Americans can resolve our current bout of divisiveness by recognizing that every American has the same Bill of Rights. 

That may sound trite or pollyannaish, but acknowledging our shared standing as Americans is fundamental. In fact, it’s hard to imagine treating one another as equals otherwise. This point is particularly crucial for people of faith who enter the public square, through politics, protests, social media or some other avenue.

“Consider first whether you are entering that space as a citizen or as one who believes they hold a privileged position,” said Darrell Bock, the executive director of cultural engagement and senior research professor of New Testament studies at Dallas Theological Seminary.

The distinction is important. Entering the public arena as a citizen puts us on the same footing. When we treat others as equals, we can sharply disagree even on matters of theology and still respect each other and appreciate democratic norms.

This approach “will lead to a recognition that we share public space in a country,” Bock observed. “And that can shift to a discussion of the common good.”

When you flip this around, it becomes harder to discuss the common good. If we enter the public square with the idea that our religious or philosophical views provide a privileged position, we may be tempted to try to dominate the other. An assumption of privilege can produce intolerance and, at worst, violent extremism.

“You try to make the world into a place it isn’t and won’t be,” Bock said.

Indeed, America’s founding president, George Washington, wrote to various faith communities across the new nation, making the case that religious freedom was both a right and duty of citizenship. Part of being an American is respecting people of different religions.

To be sure, though, those who adhere to one of the three major Abrahamic faiths — Judaism, Islam and Christianity — face theological differences that can easily lead to sharp division.

Muhammad’s story differs from that of Jesus. The concept of redemption may vary from faith to faith. And sacred texts may require practices that seem alien to those who don’t follow them. These distinctions are about ultimate beliefs, so we naturally can feel slighted or insulted when discussing our deepest beliefs with others from different traditions.

Pastor Bob Roberts, senior global pastor of Northwood Bible Church in Keller, Texas, lives with this reality daily. The Baptist minister is president of the Institute of Global Engagement and a co-founder of the Multi-Faith Neighbors Network.

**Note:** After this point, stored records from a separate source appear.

(* Let $\mathcal{E}=G_2([-1,1])$ be the set of the $256$ global maps of elementary cellular automata. Under the equivalence relation $\sim$ (generated by state permutation, reflection, shift and scaling, as defined in the context) restricted to $\mathcal{E}$, the set $\mathcal{E}$ splits into exactly $81$ equivalence classes.
   Context: For finite $M=\{j_1<\dots<j_m\}\subset\mathbb{Z}$ and $f:\{0,1\}^m\to\{0,1\}$, $\Phi^M_f(x)_i=f(x_{i+j_1}\dots x_{i+j_m})$ on $\{0,1\}^{\mathbb{Z}}$; $G_2([-1,1])=\{\Phi^{\{-1,0,1\}}_f\mid f:\{0,1\}^3\to\{0,1\}\}$. Operators on global maps: $\sigma\Phi=\sigma\circ\Phi$ with $(\sigma x)_i=x_{i+1}$; $\hat c\Phi(x)=c\Phi(cx)$ where $c$ swaps $0$ and $1$ in every cell; $\hat r\Phi(x)=r\Phi(rx)$ with $(rx)_i=x_{-i}$. $\Phi\cong\Psi$ iff $\Psi=\tau\Phi$ for some $\tau$ in the group generated by $\sigma,\hat r,\hat c$. Scaling: for a positive rational $v$ and a global map with a representation $\Phi=\Phi^M_f$ where $vM=\{vi\mid i\in M\}\subseteq\mathbb{Z}$, $\hat s_v\Phi=\Phi^{vM}_f$. $\Phi\sim\Psi$ iff there are global maps $\Phi',\Psi'$ and a positive rational $v$ with $\Phi\cong\Phi'$, $\Psi\cong\Psi'$ and $\Psi'=\hat s_v\Phi'$. *)

From mathcomp Require Import all_boot all_order all_algebra.
From Stdlib Require Import Relations.
Set Implicit Arguments. Unset Strict Implicit. Unset Printing Implicit Defensive.
Import Order.TTheory GRing.Theory Num.Theory.
Local Open Scope ring_scope.

Definition config := int -> bool.
Definition gmap := config -> config.

(* Phi^M_f(x)_i = f(x_{i+j_1} ... x_{i+j_m}), M = [:: j_1; ...; j_m]
   listed in strictly increasing order.  f is only ever applied to words
   of length m = size M, so f : seq bool -> bool represents an arbitrary
   f : {0,1}^m -> {0,1}. *)
Definition phi (M : seq int) (f : seq bool -> bool) : gmap :=
  fun x i => f [seq x (i + j) | j <- M].

Definition ECA (Phi : gmap) : Prop :=
  exists f : seq bool -> bool, Phi = phi [:: -1; 0; 1] f.

Definition shift (x : config) : config := fun i => x (i + 1).
Definition shiftinv (x : config) : config := fun i => x (i - 1).
Definition cswap (x : config) : config := fun i => ~~ x i.
Definition refl (x : config) : config := fun i => x (- i).

Definition sigmaOp (Phi : gmap) : gmap := fun x => shift (Phi x).
Definition sigmaInvOp (Phi : gmap) : gmap := fun x => shiftinv (Phi x).
Definition cHat (Phi : gmap) : gmap := fun x => cswap (Phi (cswap x)).
Definition rHat (Phi : gmap) : gmap := fun x => refl (Phi (refl x)).

(* The group generated by sigma, rHat, cHat: all finite compositions of
   the generators and their inverses (rHat, cHat are involutions, the
   inverse of sigma is sigmaInvOp). *)
Inductive in_group : (gmap -> gmap) -> Prop :=
| grp_id : in_group (fun Phi => Phi)
| grp_sigma t : in_group t -> in_group (fun Phi => sigmaOp (t Phi))
| grp_sigmainv t : in_group t -> in_group (fun Phi => sigmaInvOp (t Phi))
| grp_r t : in_group t -> in_group (fun Phi => rHat (t Phi))
| grp_c t : in_group t -> in_group (fun Phi => cHat (t Phi)).

Definition cong (Phi Psi : gmap) : Prop :=
  exists t, in_group t /\ Psi = t Phi.

Definition scaled (v : rat) (Phi Psi : gmap) : Prop :=
  exists (M : seq int) (f : seq bool -> bool) (vM : seq int),
    sorted (fun a b : int => a < b) M /\
    Phi = phi M f /\
    [seq (j%:~R : rat) | j <- vM] = [seq v * (j%:~R : rat) | j <- M] /\
    Psi = phi vM f.

Definition sim (Phi Psi : gmap) : Prop :=
  exists (Phi' Psi' : gmap) (v : rat),
    0 < v /\ cong Phi Phi' /\ cong Psi Psi' /\ scaled v Phi' Psi'.

(* equivalence relation generated by sim (coincides with sim when sim is
   an equivalence relation, as stated in the paper) *)
Definition simE : gmap -> gmap -> Prop := clos_refl_sym_trans gmap sim.

From mathcomp Require Import all_boot all_order all_algebra.
From mathcomp Require Import ring zify.
From Stdlib Require Import Relations FunctionalExtensionality.
Set Implicit Arguments. Unset Strict Implicit. Unset Printing Implicit Defensive.
Import Order.TTheory GRing.Theory Num.Theory.

(* Feed a global map the step configuration that is a left of a cell p, b at p and c
   right of p, and read cell q: as a function of (a, b, c) this is an 8-entry truth
   table, a step response of the map.  Shifts only move q, reflection and
   complementation reverse and complement the tables, and scaling by v samples the
   step at the points v j, which either hit p (same responses) or straddle it, so that
   b is never seen.  Hence the closure of the step responses under these three table
   operations is invariant under ~.  For an ECA it is generated by five responses and
   is computable.  Taking in each class of the graph spanned by reflection,
   complementation and the rescaling that turns a two-cell rule into a rule ignoring
   its centre the rule of least Wolfram number gives 81 rules with pairwise distinct
   invariants, and every ECA is joined to one of them. *)

Local Open Scope ring_scope.

(** * Truth tables and step responses *)

Definition table (g : bool -> bool -> bool -> bool) : seq bool :=
  [:: g false false false; g false false true; g false true false; g false true true;
      g true false false; g true false true; g true true false; g true true true].

Definition lookup (s : seq bool) (a b c : bool) : bool := nth false s (4 * a + 2 * b + c)%N.

Lemma lookup_table g a b c : lookup (table g) a b c = g a b c.
Proof. by case: a; case: b; case: c. Qed.

Lemma eq_table g h : (forall a b c, g a b c = h a b c) -> table g = table h.
Proof. by move=> e; rewrite /table !e. Qed.

Definition rev_table s := table (fun a b c => lookup s c b a).
Definition compl_table s := table (fun a b c => ~~ lookup s (~~ a) (~~ b) (~~ c)).
(* The response of a scaled map when the step falls strictly between two sampled cells. *)
Definition skip_table s := table (fun a _ c => lookup s a c c).

Definition step (p : int) (a b c : bool) : config :=
  fun i => if i < p then a else if i == p then b else c.

Definition step_response (Phi : gmap) (t : seq bool) : Prop :=
  exists p q : int, t = table (fun a b c => Phi (step p a b c) q).

Inductive table_closure (P : seq bool -> Prop) : seq bool -> Prop :=
| tcl_base t : P t -> table_closure P t
| tcl_skip t : table_closure P t -> table_closure P (skip_table t)
| tcl_rev t : table_closure P t -> table_closure P (rev_table t)
| tcl_compl t : table_closure P t -> table_closure P (compl_table t).

Lemma table_closure_sub (P Q : seq bool -> Prop) :
  (forall t, P t -> table_closure Q t) -> forall t, table_closure P t -> table_closure Q t.
Proof.
move=> PQ t; elim=> {t} [t /PQ //|t _|t _|t _];
  by [apply: tcl_skip | apply: tcl_rev | apply: tcl_compl].
Qed.

Definition invariant (Phi : gmap) : seq bool -> Prop := table_closure (step_response Phi).

Definition same_invariant (Phi Psi : gmap) : Prop :=
  forall t, invariant Phi t <-> invariant Psi t.

Lemma gmap_ext (Phi Psi : gmap) : (forall x i, Phi x i = Psi x i) -> Phi = Psi.
Proof. by move=> e; do 2!apply: functional_extensionality => ?; apply: e. Qed.

(** * Invariance under ~ *)

Lemma sigmaOpK Phi : sigmaInvOp (sigmaOp Phi) = Phi.
Proof. by apply: gmap_ext => x i; rewrite /sigmaInvOp /shiftinv /sigmaOp /shift subrK. Qed.

Lemma sigmaInvOpK Phi : sigmaOp (sigmaInvOp Phi) = Phi.
Proof. by apply: gmap_ext => x i; rewrite /sigmaInvOp /shiftinv /sigmaOp /shift addrK. Qed.

Lemma cswapK : involutive cswap.
Proof. by move=> x; apply: functional_extensionality => i; rewrite /cswap negbK. Qed.

Lemma reflK : involutive refl.
Proof. by move=> x; apply: functional_extensionality => i; rewrite /refl opprK. Qed.

Lemma cHatK Phi : cHat (cHat Phi) = Phi.
Proof. by apply: gmap_ext => x i; rewrite /cHat !cswapK. Qed.

Lemma rHatK Phi : rHat (rHat Phi) = Phi.
Proof. by apply: gmap_ext => x i; rewrite /rHat !reflK. Qed.

Lemma cswap_step p a b c : cswap (step p a b c) = step p (~~ a) (~~ b) (~~ c).
Proof.
by apply: functional_extensionality => i; rewrite /cswap /step; case: (i < p); case: (i == p).
Qed.

Lemma refl_step p a b c : refl (step p a b c) = step (- p) c b a.
Proof.
apply: functional_extensionality => i; rewrite /refl /step ltrNl eqr_oppLR.
by case: (ltgtP i (- p)).
Qed.

Lemma step_response_sigmaOp Phi t : step_response (sigmaOp Phi) t -> invariant Phi t.
Proof. by case=> p [q ->]; apply: tcl_base; exists p, (q + 1). Qed.

Lemma step_response_sigmaInvOp Phi t : step_response (sigmaInvOp Phi) t -> invariant Phi t.
Proof. by case=> p [q ->]; apply: tcl_base; exists p, (q - 1). Qed.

Those latter two organizations bring together believers of the three Abrahamic faiths to listen to one another, share their points of view, and engage without intending to convert one another. They do so through international conferences, collaborative projects, many meals, and small-group discussions.

Roberts told us for the Bush Institute’s Pluralism Challenge series that these relationships lead to mutual respect. Respect leads to an understanding of one another’s citizenship. And understanding leads to pluralism.

A distinction here: Pluralism is not diversity, although diversity is very important. A wide range of people from varying backgrounds supply the innovation, culture and insights our society needs.

But pluralism is different. It is how we create “one out of many.” In a pluralistic society, people from diverse backgrounds can engage with one another without fear of reprisal. The tolerance found in a pluralistic society can strengthen common bonds because the threat of identity-based persecution or repression is minimized.

Fortunately, along with the Multi-Faith Neighbors Network, we have encountered numerous organizations engaging people across diverse backgrounds, including across religious lines. One notable example is Interfaith America, an organization led by Eboo Patel, a Muslim whose career is dedicated to religious pluralism. Interfaith America operates from the belief that our nation’s religious diversity is one of the United States’ greatest strengths.

The nonprofit particularly focuses on college campuses. It partners with universities to promote respect for religious identity, relationships between communities, and cooperation on projects for the common good.

Getting to the point where we can begin discussing the good of our larger society takes work. It requires us to first recognize that we share the same public square as citizens. Then, we can live within that square as people with differing beliefs and perspectives and together work for our common good.